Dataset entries
━━━━━━━━━━━━━━━━━━━━━━━━━━━━━━

Lemma nP3_induced (a b : V -> V) (y : seq V) : uniq y -> size y = n ->
  {in y, forall v, [/\ adj v (a v), adj v (b v), a v != b v & ~~ adj (a v) (b v)]} ->
  {in y &, forall v w, v != w ->
     {in [:: a v; v; b v] & [:: a w; w; b w], forall x z, ~~ adj x z}} ->
  induced (nP3 n) G.
Proof.
move=> uy sy p3 anti.
have /hasP[x0 _ _] : has predT y by rewrite has_predT sy.
pose blk v := [:: a v; v; b v].
pose g i := nth x0 (blk (nth x0 y (i %/ 3))) (i %% 3).
have y_mem i : i < 3 * n -> nth x0 y (i %/ 3) \in y by move=> ?; rewrite mem_nth ?sy //; lia.
have g_mem i : g i \in blk (nth x0 y (i %/ 3)) by rewrite mem_nth // ltn_mod.
have blk_uniq v : v \in y -> uniq (blk v).
  by move=> /p3[va vb ab _]; rewrite /= !inE !negb_or ab !andbT eq_sym !adj_neq.
have blk_nbr v x : v \in y -> x \in blk v -> exists2 z, z \in blk v & adj x z.
  move=> /p3[va vb _ _]; rewrite !inE => /or3P[] /eqP->.
  - by exists v; rewrite ?inE ?eqxx ?orbT // gsym.
  - by exists (a v); rewrite ?inE ?eqxx.
  - by exists v; rewrite ?inE ?eqxx ?orbT // gsym.
have anti_g i j : i < 3 * n -> j < 3 * n -> i %/ 3 != j %/ 3 -> ~~ adj (g i) (g j).
  by move=> i3 j3 ij; apply: anti (g_mem i) (g_mem j); rewrite ?y_mem ?nth_uniq ?sy //; lia.
apply: (induced_mkgraph (g := g)).
  move=> i j; rewrite !inE => i3 j3 gij.
  have ed : i %/ 3 = j %/ 3.
    apply/eqP; apply: contraT => ij.
    have [z zb gz] := blk_nbr _ _ (y_mem i i3) (g_mem i).
    have := anti _ _ (y_mem i i3) (y_mem j j3).
    rewrite nth_uniq ?sy; try lia.
    by move=> /(_ ij z (g j) zb (g_mem j)); rewrite -gij gsym gz.
  have em : i %% 3 = j %% 3.
    move: gij; rewrite /g ed => /eqP; rewrite nth_uniq ?ltn_mod // => [/eqP //|].
    exact: blk_uniq (y_mem j j3).
  by rewrite (divn_eq i 3) (divn_eq j 3) ed em.
move=> i j i3 j3 ij /=.
have [ed|nd] := eqVneq (i %/ 3) (j %/ 3); last first.
  by rewrite (negbTE (anti_g i j i3 j3 nd)).
have rq : i %% 3 != j %% 3.
  by apply: contra ij => /eqP em; rewrite (divn_eq i 3) (divn_eq j 3) ed em.
rewrite /g ed; have [va vb _ nab] := p3 _ (y_mem j j3).
move: (ltn_mod i 3) (ltn_mod j 3) rq.
case: (i %% 3) => [|[|[|r]]]; case: (j %% 3) => [|[|[|q]]] //= _ _ _;
  by rewrite ?va ?vb ?(negbTE nab) // gsym ?va ?vb ?(negbTE nab).
Qed.

End Embeddings.

Definition common_nbr_bound (n : nat) : nat := star_bound 1 n (ramsey_bound n n).

Definition stable_disc_bound (n : nat) : nat :=
  let M := common_nbr_bound n in
  star_bound 1 M (star_bound 1 M (ramsey_bound n (ramsey_bound n (star_bound 2 n n)))).

Definition disc_bound (n : nat) : nat := ramsey_bound (ramsey_bound n n) (stable_disc_bound n).

Section UpperBound.
Variables (G : graph) (n : nat).
Local Notation V := ('I_(gn G)).
Local Notation adj := (@gadj G).
Local Notation D := (disc_vertices G).
Hypothesis n_gt0 : 0 < n.
Hypothesis Kstar_free : ~ induced (Kstar n) G.
Hypothesis nP3_free : ~ induced (nP3 n) G.
Hypothesis K1nstar_free : ~ induced (K1nstar n) G.
Hypothesis K2n_free : ~ induced (K2n n) G.
Hypothesis CK_free : ~ induced (CK n) G.

Lemma private_nbrs_stable (f : V -> V) (u : seq V) (m : nat) : uniq u ->
  {in u &, forall v w, v != w -> ~~ adj v w} ->
  {in u &, forall v w, adj (f v) w = (v == w)} -> ramsey_bound n m <= size u ->
  exists u', [/\ uniq u', {subset u' <= u}, size u' = m &
                 {in u' &, forall v w, v != w -> ~~ adj (f v) (f w)}].
Proof.
move=> uu su fu big.
have [y [uy yu [[sy cy]|[sy sty]]]] :=
  ramsey_sym (fun v w => gsym (f v) (f w)) uu big; last by exists y.
have f_out v w : v \in u -> w \in u -> f v != w.
  move=> vu wu; apply/eqP => fvw; have := fu v v vu vu; rewrite eqxx fvw => wv.
  have vw : v != w by apply: contraTneq wv => ->; rewrite girr.
  by have := su v w vu wu vw; rewrite gsym wv.
case: Kstar_free; apply: (Kstar_induced n_gt0 (c := f) (e := id) uy sy).
- by move=> v w /yu vu /yu wu; apply: f_out.
- exact: cy.
- by move=> v w /yu vu /yu wu; apply: su.
- by move=> v w /yu vu /yu wu; apply: fu.
Qed.

Lemma common_nbrs_small (x : V) (s : seq V) : uniq s -> {subset s <= D} ->
  {in s, forall v, adj x v} -> {in s &, forall v w, v != w -> ~~ adj v w} ->
  size s < common_nbr_bound n.
Proof.
move=> us sD xs ss; rewrite ltnNge; apply/negP => big.
have [p hp] : exists p : V -> V, {in s, forall v,
    adj v (p v) /\ {in [:: x], forall k, (p v != k) && ~~ adj (p v) k}}.
  apply: (disc_escape_fun sD) => [v vs k|v _ k l]; rewrite !inE.
    by move=> /eqP->; rewrite gsym xs.
  by move=> /eqP-> /eqP->; rewrite eqxx.
have vp v : v \in s -> adj v (p v) by case/hp.
have px v : v \in s -> (x != p v) && ~~ adj x (p v).
  by case/hp=> _ /(_ x); rewrite inE eqxx gsym eq_sym => ->.
have p_out v w : v \in s -> w \in s -> p v != w.
  move=> vs ws; apply/eqP => pvw; have := vp v vs; rewrite pvw => vw.
  by have := ss v w vs ws (adj_neq vw); rewrite vw.
have [[c [t [uct sub sc st star]]]|[u [uu us' su pu]]] :=
  ramsey_star (fun v w => adj (p v) w) us big.
  case: c sc uct sub star => [|v [|]] // _ uct sub star.
  have [vs ts] : v \in s /\ {subset t <= s}.
    by split=> [|w wt]; apply: sub; rewrite inE ?eqxx ?wt ?orbT.
  move: uct; rewrite cat_uniq => /and3P[_ _ ut].
  have [/andP[xpv nxpv]] := px v vs.
  case: K2n_free; apply: (K2n_induced n_gt0 xpv nxpv ut st).
    by move=> w wt; rewrite xs ?ts // star ?inE.
  by move=> v' w /ts v's /ts ws; apply: ss.
have pum : {in u &, forall v w, adj (p v) w = (v == w)}.
  move=> v w vu wu; have [<-|vw] := eqVneq v w; first by rewrite gsym vp ?us'.
  exact/negbTE/pu.
have [y [uy yu sy py]] := private_nbrs_stable uu (sub_in2 us' ss) pum (eq_leq (esym su)).
case: K1nstar_free; apply: (K1nstar_induced n_gt0 (x := x) (p := p) uy sy).
- by move=> v /yu/us'; apply: xs.
- by move=> v /yu/us'; apply: px.
- by move=> v w /yu/us' vs /yu/us' ws; rewrite eq_sym p_out.
- by move=> v w /yu/us' vs /yu/us' ws; apply: ss.
- exact: py.
- by move=> v w /yu vu /yu wu; rewrite gsym pum // eq_sym.
Qed.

━━━━━━━━━━━━━━━━━━━━━━━━━━━━━━

Exercise
Retype the records above exactly, from their first line through the line that contains "- by exists (a v); rewrite ?inE ?eqxx.", and stop there.

Solved problem
Lemma nP3_induced (a b : V -> V) (y : seq V) : uniq y -> size y = n ->
  {in y, forall v, [/\ adj v (a v), adj v (b v), a v != b v & ~~ adj (a v) (b v)]} ->
  {in y &, forall v w, v != w ->
     {in [:: a v; v; b v] & [:: a w; w; b w], forall x z, ~~ adj x z}} ->
  induced (nP3 n) G.
Proof.
move=> uy sy p3 anti.
have /hasP[x0 _ _] : has predT y by rewrite has_predT sy.
pose blk v := [:: a v; v; b v].
pose g i := nth x0 (blk (nth x0 y (i %/ 3))) (i %% 3).
have y_mem i : i < 3 * n -> nth x0 y (i %/ 3) \in y by move=> ?; rewrite mem_nth ?sy //; lia.
have g_mem i : g i \in blk (nth x0 y (i %/ 3)) by rewrite mem_nth // ltn_mod.
have blk_uniq v : v \in y -> uniq (blk v).
  by move=> /p3[va vb ab _]; rewrite /= !inE !negb_or ab !andbT eq_sym !adj_neq.
have blk_nbr v x : v \in y -> x \in blk v -> exists2 z, z \in blk v & adj x z.
  move=> /p3[va vb _ _]; rewrite !inE => /or3P[] /eqP->.
  - by exists v; rewrite ?inE ?eqxx ?orbT // gsym.
  - by exists (a v); rewrite ?inE ?eqxx.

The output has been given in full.